In an announcement to the Australian Securities Exchange (ASX), the bank said its cash earnings were down 36.6% from FY19. The bank also announced a final dividend of 30cps 100% franked.

NAB chief executive, Ross McEwan, said costs rose in FY20 as the bank adjusted to the COVID-19 environment and started its “strategy refresh” in April.

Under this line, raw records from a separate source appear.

(* Let $A$ be a circular $m\times n$ matrix and let $\Gamma$ be a closed directed path (not necessarily simple) in $D(A)$. Then for every $j\in[n]$, $$p^+(\Gamma,j)-p^-(\Gamma,j)=p(\Gamma).$$
   Context: Notation: $[n]=\{1,\dots,n\}$ with addition mod $n$ (index $0$ identified with $n$); for $a,c\in[n]$ with $t\ge0$ minimal such that $a+t\equiv c\pmod n$, $[a,c)_n=\{a,\dots,a+t-1\}$ (mod $n$). An $m\times n$ $\{0,1\}$-matrix $A$ is circular if for each row $i$ there are $\ell_i\in[n]$ and an integer $2\le k_i\le n-1$ with row $i$ the incidence vector of $[\ell_i,\ell_i+k_i)_n$. $D(A)$: node set $[n]$ (labels mod $n$); forward row arcs $a_i=(\ell_i-1,\ell_i+k_i-1)$ ($i\in[m]$), forward short arcs $a_{m+j}=(j-1,j)$ ($j\in[n]$), reverse row arcs $\bar a_i=(\ell_i+k_i-1,\ell_i-1)$, reverse short arcs $\bar a_{m+j}=(j,j-1)$; lengths $l(a_i)=k_i$, $l(a_{m+j})=1$, $l(\bar a_i)=-k_i$, $l(\bar a_{m+j})=-1$. The winding number of a closed directed path $\Gamma$ is the integer $p(\Gamma)$ with $p(\Gamma)n=\sum_{a\in E(\Gamma)}l(a)$ (arcs counted with multiplicity). A forward row arc $a_i$ jumps over node $j$ iff $j\in[\ell_i,\ell_i+k_i)_n$; the forward short arc $(j-1,j)$ jumps over $j$ only; a reverse arc $\bar a_k$ jumps over $j$ iff $a_k$ does. $p^+(\Gamma,j)$ (resp. $p^-(\Gamma,j)$) is the number of forward (resp. reverse) arcs of $\Gamma$, counted with multiplicity, that jump over $j$. *)

From mathcomp Require Import all_boot all_order all_algebra.
Set Implicit Arguments. Unset Strict Implicit. Unset Printing Implicit Defensive.
Import GRing.Theory Num.Theory.

(* Node labels of D(A) are natural numbers read modulo n (label n = label 0). *)

Definition in_cint (n l len x : nat) : bool :=
  [exists t : 'I_len, (l + t) %% n == x %% n].

(* A is circular with data l_i (in [n]) and k_i (2 <= k_i <= n-1):
   row i is the incidence vector of [l_i, l_i + k_i)_n.
   Column c : 'I_n stands for column c+1 of [n]. *)
Definition circular_with (m n : nat) (A : 'M[bool]_(m, n))
  (l k : 'I_m -> nat) : Prop :=
  (forall i, 1 <= l i <= n) /\ (forall i, 2 <= k i <= n.-1) /\
  (forall i (c : 'I_n), A i c = in_cint n (l i) (k i) c.+1).

(* Arcs of D(A): forward row arcs a_i, forward short arcs a_{m+j}
   (indexed by j' : 'I_n, standing for j = j'+1 in [n]), and their reverses. *)
Inductive darc (m n : nat) :=
| RowF of 'I_m | ShortF of 'I_n | RowR of 'I_m | ShortR of 'I_n.

Section Arcs.
Variables (m n : nat) (l k : 'I_m -> nat).

Definition atail (a : darc m n) : nat :=
  match a with
  | RowF i => (l i).-1
  | ShortF j => j
  | RowR i => (l i + k i).-1
  | ShortR j => j.+1
  end.

Definition ahead (a : darc m n) : nat :=
  match a with
  | RowF i => (l i + k i).-1
  | ShortF j => j.+1
  | RowR i => (l i).-1
  | ShortR j => j
  end.

Definition alen (a : darc m n) : int :=
  match a with
  | RowF i => (k i)%:Z
  | ShortF _ => 1
  | RowR i => - (k i)%:Z
  | ShortR _ => -1
  end.

Definition aforward (a : darc m n) : bool :=
  match a with RowF _ | ShortF _ => true | _ => false end.

Definition ajumps (a : darc m n) (x : nat) : bool :=
  match a with
  | RowF i | RowR i => in_cint n (l i) (k i) x
  | ShortF j | ShortR j => j.+1 %% n == x %% n
  end.

Definition closed_path (s : seq (darc m n)) : bool :=
  (0 < size s) && cycle (fun a b => ahead a %% n == atail b %% n) s.

Definition pplus (s : seq (darc m n)) (x : nat) : nat :=
  count (fun a => aforward a && ajumps a x) s.
Definition pminus (s : seq (darc m n)) (x : nat) : nat :=
  count (fun a => ~~ aforward a && ajumps a x) s.

End Arcs.

From mathcomp Require Import all_boot all_order all_algebra zify.
Import GRing.Theory Num.Theory.

Set Implicit Arguments.
Unset Strict Implicit.
Unset Printing Implicit Defensive.

(* Fix the node j and measure every node x by its forward circular distance
   d(x) from j, a number in [0, n).  An arc from t to t + len (0 < len <= n)
   passes over j exactly when d(t) + len >= n, in which case d drops by
   n - len instead of rising by len: so n * [jumps over j] + d(head) =
   len + d(tail), and the reverse arc satisfies the negated identity.
   Summed along a closed path the distances of heads and tails cancel,
   leaving n * (p^+ - p^-) = sum of the lengths = n * p. *)

Section CircularDistance.
Variables (n j : nat).
Hypothesis n_gt0 : (0 < n)%N.

Definition cdist (x : nat) : nat := (x + (n - j %% n)) %% n.

Lemma cdist_lt x : (cdist x < n)%N.
Proof. exact: ltn_pmod. Qed.

Lemma cdist_mod x : cdist (x %% n) = cdist x.
Proof. by rewrite /cdist modnDml. Qed.

Lemma cdistD x c : cdist (x + c) = ((cdist x + c) %% n)%N.
Proof. by rewrite /cdist modnDml; congr (_ %% _)%N; lia. Qed.

Lemma modn_eq0_lt_double y : (0 < y < n + n)%N -> (y %% n == 0)%N = (y == n).
Proof.
move=> y_bound; case: (ltnP y n) => [y_lt|y_ge].
  by rewrite modn_small //; apply/eqP/eqP; lia.
rewrite -(subnK y_ge) modnDr modn_small; last lia.
by apply/eqP/eqP; lia.
Qed.

Lemma cdist_eq0 x : (cdist x == 0)%N = (x %% n == j %% n).
Proof.
have := ltn_pmod j n_gt0; have := ltn_pmod x n_gt0.
rewrite -cdist_mod /cdist modn_eq0_lt_double; last lia.
by move=> *; apply/eqP/eqP; lia.
Qed.

Lemma in_cint1 a x : in_cint n a 1 x = (a %% n == x %% n).
Proof.
apply/existsP/idP => [[u]|]; first by rewrite (ord1 u) addn0.
by exists ord0; rewrite addn0.
Qed.

Lemma in_cint_cdist t len : (len <= n)%N ->
  in_cint n t.+1 len j = (n <= cdist t + len)%N.
Proof.
move=> len_le; have := cdist_lt t => dt_lt.
apply/existsP/idP => [[u]|cross].
  have u_lt := ltn_ord u.
  rewrite -cdist_eq0 addSnnS cdistD modn_eq0_lt_double; last lia.
  by move/eqP; lia.
have u_lt : (n - (cdist t).+1 < len)%N by lia.
exists (Ordinal u_lt); rewrite -cdist_eq0 /= addSnnS cdistD.
by rewrite modn_eq0_lt_double; [apply/eqP|]; lia.
Qed.

Lemma cdist_step t len : (len <= n)%N ->
  (n * in_cint n t.+1 len j + cdist (t + len) = len + cdist t)%N.
Proof.
move=> len_le; rewrite in_cint_cdist // cdistD; have := cdist_lt t.
case: (ltnP (cdist t + len) n) => [no_cross|cross] dt_lt.
  by rewrite modn_small //; lia.
by rewrite -(subnK cross) modnDr modn_small; lia.
Qed.

End CircularDistance.

Local Open Scope ring_scope.

Lemma sum_cycle_eq (T : Type) (R : zmodType) (f g : T -> R) (s : seq T) :
  cycle (fun a b => g a == f b) s -> \sum_(a <- s) f a = \sum_(a <- s) g a.
Proof.
have telescope x0 r : path (fun a b => g a == f b) x0 r ->
    \sum_(a <- r) f a + g (last x0 r) = g x0 + \sum_(a <- r) g a.
  elim: r x0 => [|b r IH] x0 /=; first by rewrite !big_nil addrC.
  case/andP=> /eqP gx0 /IH; rewrite !big_cons gx0 -addrA => ->.
  by rewrite addrCA.
case: s => [|x r] /= cyc; first by rewrite !big_nil.
have := telescope _ _ cyc; rewrite last_rcons addrC => /addrI.
by rewrite !big_rcons !big_cons /= addrC => ->; rewrite addrC.
Qed.

Section JumpCount.
Variables (m n : nat) (l k : 'I_m -> nat).

Definition ajump_sign (a : darc m n) (x : nat) : int :=
  if ajumps l k a x then (if aforward a then 1 else -1) else 0.

Lemma pplus_sub_pminus s x :
  (pplus l k s x)%:Z - (pminus l k s x)%:Z = \sum_(a <- s) ajump_sign a x.
Proof.
elim: s => [|a s IH]; first by rewrite big_nil.
rewrite big_cons -IH /pplus /pminus /= !PoszD /ajump_sign.
by case: (ajumps l k a x); case: (aforward a) => /=; lia.
Qed.

Variable j : nat.
Hypothesis n_gt0 : (0 < n)%N.
Hypothesis l_gt0 : forall i, (0 < l i)%N.
Hypothesis k_le : forall i, (k i <= n)%N.

Local Notation d := (cdist n j).

Lemma ajump_sign_cdist a :
  n%:Z * ajump_sign a j + (d (ahead l k a))%:Z =
  alen k a + (d (atail l k a))%:Z.
Proof.
have row i :
    (n * in_cint n (l i) (k i) j + d (l i + k i).-1 = k i + d (l i).-1)%N.
  by rewrite -{1 2}(prednK (l_gt0 i)) addSn; apply: cdist_step.
have short i : (n * (i.+1 %% n == j %% n) + d i.+1 = 1 + d i)%N.
  by rewrite -in_cint1 -[RHS](cdist_step j n_gt0 i n_gt0) addn1.
rewrite /ajump_sign; case: a => i /=.
- by have := row i; case: in_cint; lia.
- by have := short i; case: eqP; lia.
- by have := row i; case: in_cint; lia.
- by have := short i; case: eqP; lia.
Qed.

Lemma closed_path_winding s : closed_path l k s ->
  n%:Z * \sum_(a <- s) ajump_sign a j = \sum_(a <- s) alen k a.
Proof.
case/andP=> _ cyc.
have heads_tails :
    \sum_(a <- s) (d (atail l k a))%:Z = \sum_(a <- s) (d (ahead l k a))%:Z.
  apply: sum_cycle_eq; apply: sub_cycle cyc => a b /eqP eq_mod.
  by rewrite -cdist_mod eq_mod cdist_mod.
apply: (addIr (\sum_(a <- s) (d (ahead l k a))%:Z)).
rewrite -{2}heads_tails mulr_sumr -!big_split /=.
by apply: eq_bigr => a _; rewrite ajump_sign_cdist.
Qed.

End JumpCount.

Theorem lemma4p1 (m n : nat) (A : 'M[bool]_(m, n)) (l k : 'I_m -> nat)
  (HA : circular_with A l k)
  (s : seq (darc m n)) (Hs : closed_path l k s)
  (p : int) (Hp : p * n%:Z = \sum_(a <- s) alen k a)
  (j : nat) (Hj : (1 <= j <= n)%N) :
  (pplus l k s j)%:Z - (pminus l k s j)%:Z = p.
Proof.
have n_gt0 : (0 < n)%N by lia.
case: HA => l_bound [k_bound _].
have l_gt0 i : (0 < l i)%N by case/andP: (l_bound i).
have k_le i : (k i <= n)%N by case/andP: (k_bound i); lia.
rewrite pplus_sub_pminus.
apply: (@mulIf _ n%:Z); first by lia.
by rewrite mulrC (closed_path_winding j n_gt0 l_gt0 k_le Hs) Hp.
Qed.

“Revenue down 1.4%. Excluding customer-related remediation, revenue declined 1.5% mainly reflecting lower fee income given COVID-19 fee waivers and reduced transaction volumes in merchant acquiring and cards activities, combined with the non-repeat of asset sale gains in the prior year,” it said.

“Expenses rose 10.7%. Excluding large notable items, expenses were up 2% primarily reflecting costs associated with the implementation of our strategy refresh, combined with higher technology-related costs associated with the compliance and control framework, salary increases, and COVID-19 related costs. This was partly offset by productivity benefits, lower performance-based compensation, and reduced travel and entertainment costs.”

On its credit impairment charges, $1.86 billion was to additional forward-looking collective provisions to reflect potential COVID-19 impacts. Also, the percentage of gross loans and acceptances rose 31bps to 46bps.

The sale of MLC Wealth in August was expected to provide additional 35bps of common equity tier 1 with the group CET1 ratio at 11.47%, up 109 bps from September 2019.

Only personal banking cash earnings were up at 9.5% due to home loan repricing and lower funding costs in the housing lending portfolio, combined with lower credit impairment charges.

Corporate and institutional banking was down 2.6% and New Zealand banking was down 1.8%, both mainly due to higher credit impairment charges.

Business and private banking was down 11.6% due to the low interest rate environment and higher operating expenses.

“Our priorities over the next three to five years include simplifying processes and policies for home and business lending, creating simpler transactional banking, providing enhanced data and analytics to customers and colleagues and growing our digital bank UBank,” it said.